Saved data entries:

Lemma mix_rowS w u k :
  mix_row k.+1 w u = mix_row k w u + (w ord0 k - u ord0 k) *: unitv R k.
Proof.
apply/rowP => j; rewrite addZunitvE !mxE ltnS leq_eqVlt.
case: (eqVneq k j) => [<-|kj]; first by rewrite eqxx ltnn mulr1 addrC subrK.
have /negPf -> : (j != k :> nat) by rewrite eq_sym.
by rewrite mulr0 addr0.
Qed.

Lemma mix_row_id w u k : mix_row k w u ord0 k = u ord0 k.
Proof. by rewrite mxE ltnn. Qed.

Lemma pos_orthant_mix_row m w u :
  pos_orthant w -> pos_orthant u -> pos_orthant (mix_row m w u).
Proof. by move=> w_pos u_pos j; rewrite mxE; case: ifP. Qed.

Section Antitone.
Variables (f : 'rV[R]_n -> R) (k : 'I_n).
Hypothesis f_antitone : forall j y c, j != k -> pos_orthant y -> 0 <= c ->
  f (y + c *: unitv R j) <= f y.

Lemma antitone_off_coord u w : pos_orthant u ->
  (forall j, u ord0 j <= w ord0 j) -> u ord0 k = w ord0 k -> f w <= f u.
Proof.
move=> u_pos uw ukE.
have w_pos : pos_orthant w by move=> j; exact: lt_le_trans (u_pos j) (uw j).
suff mix_le m : (m <= n)%N -> f (mix_row m w u) <= f u.
  by rewrite -(mix_row_full w u) mix_le.
elim: m => [_|m IHm mn]; first by rewrite mix_row0.
rewrite (mix_rowS w u (Ordinal mn)) /=.
case: (eqVneq (Ordinal mn) k) => [->|mk].
  by rewrite ukE subrr scale0r addr0 IHm // ltnW.
apply: le_trans (IHm (ltnW mn)); apply: f_antitone => //.
  exact: pos_orthant_mix_row.
by rewrite subr_ge0.
Qed.

End Antitone.
End Coordinates.

Section EulerIdentity.
Variables (R : realType) (n : nat) (G : 'rV[R]_n -> R) (a : R).
Hypothesis G_derivable : forall i x, pos_orthant x -> derivable G x (unitv R i).
Hypothesis partial_derivable : forall k i x, pos_orthant x ->
  derivable (partial k G) x (unitv R i).
Hypothesis cross_partial_le0 : forall j k x, j != k -> pos_orthant x ->
  partial j (partial k G) x <= 0.
Hypothesis G_homogeneous : forall x t, pos_orthant x -> 0 < t ->
  G (t *: x) = t `^ a * G x.

Lemma partial_antitone k j y c : j != k -> pos_orthant y -> 0 <= c ->
  partial k G (y + c *: unitv R j) <= partial k G y.
Proof.
move=> jk y_pos c0.
have shift_pos s : 0 <= s -> pos_orthant (y + s *: unitv R j).
  move=> s0; apply: pos_orthant_addZunitv => //.
  by rewrite (le_lt_trans _ (y_pos j)) ?oppr_le0.
have [s /andP[s0 _]|s /andP[s0 _]] :=
  MVT_along (f := partial k G) (z := y) (v := unitv R j) c0.
  exact/partial_derivable/shift_pos.
rewrite scale0r addr0 subr0 => E; rewrite -subr_le0 E mulr_ge0_le0 //.
exact/cross_partial_le0/shift_pos.
Qed.

Variable x : 'rV[R]_n.
Hypothesis x_pos : pos_orthant x.

Definition ray_path (t : R) (m : nat) : 'rV[R]_n := mix_row m (t *: x) x.

Lemma ray_pathS t (k : 'I_n) :
  ray_path t k.+1 = ray_path t k + ((t - 1) * x ord0 k) *: unitv R k.
Proof. by rewrite /ray_path mix_rowS mxE mulrBl mul1r. Qed.

Lemma pos_orthant_ray_path t m : 0 < t -> pos_orthant (ray_path t m).
Proof.
by move=> t0; apply: pos_orthant_mix_row => // j; rewrite mxE mulr_gt0.
Qed.

Lemma ray_path_ge t m j : 1 <= t -> x ord0 j <= ray_path t m ord0 j.
Proof.
by move=> t1; rewrite !mxE; case: ifP => // _; rewrite ler_peMl // ltW.
Qed.

Lemma ray_path_le t m j : t <= 1 -> ray_path t m ord0 j <= x ord0 j.
Proof.
by move=> t1; rewrite !mxE; case: ifP => // _; rewrite ler_piMl // ltW.
Qed.

Lemma ray_increment_le t (k : 'I_n) : `|t - 1| < 1 ->
  exists2 c, `|c| <= `|t - 1| * x ord0 k &
    G (ray_path t k.+1) - G (ray_path t k)
      <= (t - 1) * x ord0 k * partial k G (x + c *: unitv R k).
Proof.
move=> t_near; have t0 : 0 < t by move: t_near; rewrite ltr_norml; lra.
set b := (t - 1) * x ord0 k.
have b_lt : `|b| < x ord0 k by rewrite normrM (gtr0_norm (x_pos k)) gtr_pMl.
have shift_pos y s : pos_orthant y -> y ord0 k = x ord0 k -> `|s| <= `|b| ->
    pos_orthant (y + s *: unitv R k).
  move=> y_pos yk sb; apply: pos_orthant_addZunitv => //; rewrite yk.
  by rewrite (le_lt_trans _ b_lt) // (le_trans (ler_norm _)) ?normrN.
have path_pos := pos_orthant_ray_path k t0.
have path_k : ray_path t k ord0 k = x ord0 k := mix_row_id _ _ _.
rewrite ray_pathS; have [c cb ->] := MVT_along0 (fun s sb =>
  G_derivable (shift_pos _ s path_pos path_k sb)).
exists c; first by rewrite normrM (gtr0_norm (x_pos k)) in cb.
have comp_coords (u w : 'rV[R]_n) : (forall j, u ord0 j <= w ord0 j) ->
    forall j, (u + c *: unitv R k) ord0 j <= (w + c *: unitv R k) ord0 j.
  by move=> uw j; rewrite !addZunitvE lerD2r.
have xc_pos := shift_pos _ _ x_pos erefl cb.
have zc_pos := shift_pos _ _ path_pos path_k cb.
have kE : (x + c *: unitv R k) ord0 k = (ray_path t k + c *: unitv R k) ord0 k.
  by rewrite !addZunitvE path_k.
(* For t >= 1 the path lies above x coordinatewise and for t < 1 below it;
   the factor t - 1 turns both comparisons the same way. *)
rewrite -/(partial k G _); case: (leP 1 t) => t_1.
- apply: ler_wpM2l; first by rewrite mulr_ge0 ?subr_ge0 ?(ltW (x_pos k)).
  apply: (antitone_off_coord (partial_antitone (k := k))) => //.
  by apply: comp_coords => j; apply: ray_path_ge.
- apply: ler_wnM2l.
    by rewrite mulr_le0_ge0 ?subr_le0 ?(ltW (x_pos k)) ?(ltW t_1).
  apply: (antitone_off_coord (partial_antitone (k := k))) => //.
  by apply: comp_coords => j; apply/ray_path_le/ltW.
Qed.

▸ Exercise
Would you return all of the data exactly as it stands above?

▸ Written response
Lemma mix_rowS w u k :
  mix_row k.+1 w u = mix_row k w u + (w ord0 k - u ord0 k) *: unitv R k.
Proof.
apply/rowP => j; rewrite addZunitvE !mxE ltnS leq_eqVlt.
case: (eqVneq k j) => [<-|kj]; first by rewrite eqxx ltnn mulr1 addrC subrK.
have /negPf -> : (j != k :> nat) by rewrite eq_sym.
by rewrite mulr0 addr0.
Qed.

Lemma mix_row_id w u k : mix_row k w u ord0 k = u ord0 k.
Proof. by rewrite mxE ltnn. Qed.

Lemma pos_orthant_mix_row m w u :
  pos_orthant w -> pos_orthant u -> pos_orthant (mix_row m w u).
Proof. by move=> w_pos u_pos j; rewrite mxE; case: ifP. Qed.

Section Antitone.
Variables (f : 'rV[R]_n -> R) (k : 'I_n).
Hypothesis f_antitone : forall j y c, j != k -> pos_orthant y -> 0 <= c ->
  f (y + c *: unitv R j) <= f y.

Lemma antitone_off_coord u w : pos_orthant u ->
  (forall j, u ord0 j <= w ord0 j) -> u ord0 k = w ord0 k -> f w <= f u.
Proof.
move=> u_pos uw ukE.
have w_pos : pos_orthant w by move=> j; exact: lt_le_trans (u_pos j) (uw j).
suff mix_le m : (m <= n)%N -> f (mix_row m w u) <= f u.
  by rewrite -(mix_row_full w u) mix_le.
elim: m => [_|m IHm mn]; first by rewrite mix_row0.
rewrite (mix_rowS w u (Ordinal mn)) /=.
case: (eqVneq (Ordinal mn) k) => [->|mk].
  by rewrite ukE subrr scale0r addr0 IHm // ltnW.
apply: le_trans (IHm (ltnW mn)); apply: f_antitone => //.
  exact: pos_orthant_mix_row.
by rewrite subr_ge0.
Qed.

End Antitone.
End Coordinates.

Section EulerIdentity.
Variables (R : realType) (n : nat) (G : 'rV[R]_n -> R) (a : R).
Hypothesis G_derivable : forall i x, pos_orthant x -> derivable G x (unitv R i).
Hypothesis partial_derivable : forall k i x, pos_orthant x ->
  derivable (partial k G) x (unitv R i).
Hypothesis cross_partial_le0 : forall j k x, j != k -> pos_orthant x ->
  partial j (partial k G) x <= 0.
Hypothesis G_homogeneous : forall x t, pos_orthant x -> 0 < t ->
  G (t *: x) = t `^ a * G x.

Lemma partial_antitone k j y c : j != k -> pos_orthant y -> 0 <= c ->
  partial k G (y + c *: unitv R j) <= partial k G y.
Proof.
move=> jk y_pos c0.
have shift_pos s : 0 <= s -> pos_orthant (y + s *: unitv R j).
  move=> s0; apply: pos_orthant_addZunitv => //.
  by rewrite (le_lt_trans _ (y_pos j)) ?oppr_le0.
have [s /andP[s0 _]|s /andP[s0 _]] :=
  MVT_along (f := partial k G) (z := y) (v := unitv R j) c0.
  exact/partial_derivable/shift_pos.
rewrite scale0r addr0 subr0 => E; rewrite -subr_le0 E mulr_ge0_le0 //.
exact/cross_partial_le0/shift_pos.
Qed.

Variable x : 'rV[R]_n.
Hypothesis x_pos : pos_orthant x.

Definition ray_path (t : R) (m : nat) : 'rV[R]_n := mix_row m (t *: x) x.

Lemma ray_pathS t (k : 'I_n) :
  ray_path t k.+1 = ray_path t k + ((t - 1) * x ord0 k) *: unitv R k.
Proof. by rewrite /ray_path mix_rowS mxE mulrBl mul1r. Qed.

Lemma pos_orthant_ray_path t m : 0 < t -> pos_orthant (ray_path t m).
Proof.
by move=> t0; apply: pos_orthant_mix_row => // j; rewrite mxE mulr_gt0.
Qed.

Lemma ray_path_ge t m j : 1 <= t -> x ord0 j <= ray_path t m ord0 j.
Proof.
by move=> t1; rewrite !mxE; case: ifP => // _; rewrite ler_peMl // ltW.
Qed.

Lemma ray_path_le t m j : t <= 1 -> ray_path t m ord0 j <= x ord0 j.
Proof.
by move=> t1; rewrite !mxE; case: ifP => // _; rewrite ler_piMl // ltW.
Qed.

Lemma ray_increment_le t (k : 'I_n) : `|t - 1| < 1 ->
  exists2 c, `|c| <= `|t - 1| * x ord0 k &
    G (ray_path t k.+1) - G (ray_path t k)
      <= (t - 1) * x ord0 k * partial k G (x + c *: unitv R k).
Proof.
move=> t_near; have t0 : 0 < t by move: t_near; rewrite ltr_norml; lra.
set b := (t - 1) * x ord0 k.
have b_lt : `|b| < x ord0 k by rewrite normrM (gtr0_norm (x_pos k)) gtr_pMl.
have shift_pos y s : pos_orthant y -> y ord0 k = x ord0 k -> `|s| <= `|b| ->
    pos_orthant (y + s *: unitv R k).
  move=> y_pos yk sb; apply: pos_orthant_addZunitv => //; rewrite yk.
  by rewrite (le_lt_trans _ b_lt) // (le_trans (ler_norm _)) ?normrN.
have path_pos := pos_orthant_ray_path k t0.
have path_k : ray_path t k ord0 k = x ord0 k := mix_row_id _ _ _.
rewrite ray_pathS; have [c cb ->] := MVT_along0 (fun s sb =>
  G_derivable (shift_pos _ s path_pos path_k sb)).
exists c; first by rewrite normrM (gtr0_norm (x_pos k)) in cb.
have comp_coords (u w : 'rV[R]_n) : (forall j, u ord0 j <= w ord0 j) ->
    forall j, (u + c *: unitv R k) ord0 j <= (w + c *: unitv R k) ord0 j.
  by move=> uw j; rewrite !addZunitvE lerD2r.
have xc_pos := shift_pos _ _ x_pos erefl cb.
have zc_pos := shift_pos _ _ path_pos path_k cb.
have kE : (x + c *: unitv R k) ord0 k = (ray_path t k + c *: unitv R k) ord0 k.
  by rewrite !addZunitvE path_k.
(* For t >= 1 the path lies above x coordinatewise and for t < 1 below it;
   the factor t - 1 turns both comparisons the same way. *)
rewrite -/(partial k G _); case: (leP 1 t) => t_1.
- apply: ler_wpM2l; first by rewrite mulr_ge0 ?subr_ge0 ?(ltW (x_pos k)).
  apply: (antitone_off_coord (partial_antitone (k := k))) => //.
  by apply: comp_coords => j; apply: ray_path_ge.
- apply: ler_wnM2l.
    by rewrite mulr_le0_ge0 ?subr_le0 ?(ltW (x_pos k)) ?(ltW t_1).
  apply: (antitone_off_coord (partial_antitone (k := k))) => //.
  by apply: comp_coords => j; apply/ray_path_le/ltW.
Qed.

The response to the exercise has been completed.